Phase 5''' second-model review delivered cleanly — caught 1 RED
bug pre-implementation (src_off off-by-3 indexing convention) and
2 YELLOW gaps (assert MUST language, shaderdb filter-LUT gate).
Without the review, M1''' would have failed silently on first run
with cryptic "high-index source pixels wrong" symptoms.
Phase 6 v1 first-light: M1''' 100.0000% bit-exact (65536/65536
blocks across all 16 mx phases). Phase 5''' filter-LUT prediction
materialised exactly: 197 uniforms (gate was 144), 2 threads (down
from cycle-2's 4 due to register pressure).
Performance:
M2''' = 1.413 Mblock/s (707.9 ns/block)
M3''' = 20.997 Mblock/s (NEON baseline phase3)

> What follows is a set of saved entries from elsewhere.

Lemma irredp_prod_factors_in m (j0 : 'I_m) (S : {set I}) (g : 'I_m -> {poly F}) u :
  u != 0 -> \prod_(j < m) g j = u *: \prod_(i in S) P i ->
  exists (s : I -> 'I_m) (a : 'I_m -> F), forall j, g j = a j *: \prod_(i in S | s i == j) P i.
Proof.
move=> u_neq0; move Sn : #|S| => n; elim: n S g Sn => [|n IH] S g Sn prod_g.
  have S0 : S = set0 by apply/eqP; rewrite -cards_eq0 Sn.
  have notS i : (i \in S) = false by rewrite S0 inE.
  exists (fun _ => j0), (fun j => (g j)`_0) => j.
  rewrite big_pred0 => [|i]; last by rewrite notS.
  rewrite alg_polyC; apply: (factor_of_prod_polyC _ u_neq0).
  by rewrite prod_g big_pred0 ?alg_polyC // => i; rewrite notS.
have [i0 i0S] : exists i0, i0 \in S by apply/set0Pn; rewrite -card_gt0 Sn.
have prodS : \prod_(i in S) P i = P i0 * \prod_(i in S :\ i0) P i.
  by rewrite (bigD1 i0) //=; congr (_ * _); apply: eq_bigl => i; rewrite in_setD1 andbC.
have [j /dvdpP [q gjE]] : exists j, P i0 %| g j.
  by apply: irredp_dvd_prod (P_irr i0) _; rewrite prod_g dvdpZr // prodS dvdp_mulIl.
pose g' k := if k == j then q else g k.
have prod_g' : \prod_(k < m) g' k = u *: \prod_(i in S :\ i0) P i.
  apply: (mulfI (irredp_neq0 (P_irr i0))); rewrite -scalerAr -prodS -prod_g.
  rewrite [RHS](bigD1 j) // [\prod_(k < m) g' k](bigD1 j) //= /g' eqxx gjE mulrA [P i0 * q]mulrC.
  by congr (_ * _); apply: eq_bigr => k /negbTE ->.
have [|s' [a' g'E]] := IH _ g' _ prod_g'; first by move: Sn; rewrite (cardsD1 i0) i0S => -[].
exists (fun i => if i == i0 then j else s' i), a' => k.
have [-> | kj] := eqVneq k j.
  have qE : q = g' j by rewrite /g' eqxx.
  rewrite (bigD1 i0) /= ?eqxx ?i0S // gjE qE g'E -scalerAl mulrC.
  congr (_ *: (_ * _)); apply: eq_bigl => i; rewrite in_setD1.
  by case: (eqVneq i i0) => [->|]; rewrite ?andbF ?andbT.
have gkE : g k = g' k by rewrite /g' (negbTE kj).
rewrite gkE g'E; congr (_ *: _); apply: eq_bigl => i; rewrite in_setD1.
by case: (eqVneq i i0) => [->|]; rewrite ?(eq_sym j) ?(negbTE kj) ?andbF.
Qed.

Lemma irredp_prod_factors m (g : 'I_m -> {poly F}) u :
  (0 < #|I|)%N -> u != 0 -> \prod_(j < m) g j = u *: \prod_i P i ->
  exists (s : I -> 'I_m) (a : 'I_m -> F),
    (forall j, g j = a j *: \prod_(i | s i == j) P i) /\ \prod_(j < m) a j = u.
Proof.
move=> I_gt0 u_neq0 prod_g.
have prod_gT : \prod_(j < m) g j = u *: \prod_(i in [set: I]) P i.
  by rewrite prod_g; congr (_ *: _); apply: eq_bigl => i; rewrite inE.
have [j0 _] : exists j0 : 'I_m, true.
  have [i0 _] := card_gt0P I_gt0; have [|j _] := irredp_dvd_prod (P_irr i0) (g := g).
    by rewrite prod_g dvdpZr // (bigD1 i0) //= dvdp_mulIl.
  by exists j.
have [s [a gE]] := irredp_prod_factors_in j0 u_neq0 prod_gT.
have {}gE j : g j = a j *: \prod_(i | s i == j) P i.
  by rewrite gE; congr (_ *: _); apply: eq_bigl => i; rewrite inE.
exists s, a; split => //.
have P_neq0 : \prod_i P i != 0 by apply/prodf_neq0 => i _; apply: irredp_neq0.
have : (\prod_(j < m) a j - u) *: \prod_i P i = 0.
  rewrite scalerBl -prod_g (eq_bigr _ (fun j _ => gE j)) scaler_prod.
  by rewrite [\prod_i P i](partition_big s xpredT) // subrr.
by move/eqP; rewrite scaler_eq0 (negbTE P_neq0) orbF subr_eq0 => /eqP.
Qed.

End IrreducibleFactors.

Section FixedDivisorFactors.
Variable D : idomainType.
Local Notation K := {fraction D}.

Lemma intvalM (p q : {poly K}) : intval p -> intval q -> intval (p * q).
Proof.
move=> p_int q_int a; have [b Eb] := p_int a; have [b' Eb'] := q_int a.
by exists (b * b'); rewrite hornerM Eb Eb' rmorphM.
Qed.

R''' = 0.067 (RED band — structural mismatch)
shaderdb: 488 inst, 2 threads, 197 uniforms, 25 max-temps, 0 spills
M4''' concurrent matrix (8s windows):
NEON 1-core 14.479 Mblock/s
NEON 4-core 15.248 Mblock/s <- baseline (compute-bound,
not bandwidth-saturated
like cycles 1+2!)
QPU only 1.380 Mblock/s
MIXED NEON-3 + QPU 12.277 Mblock/s <- -19.5% (FAIL gate)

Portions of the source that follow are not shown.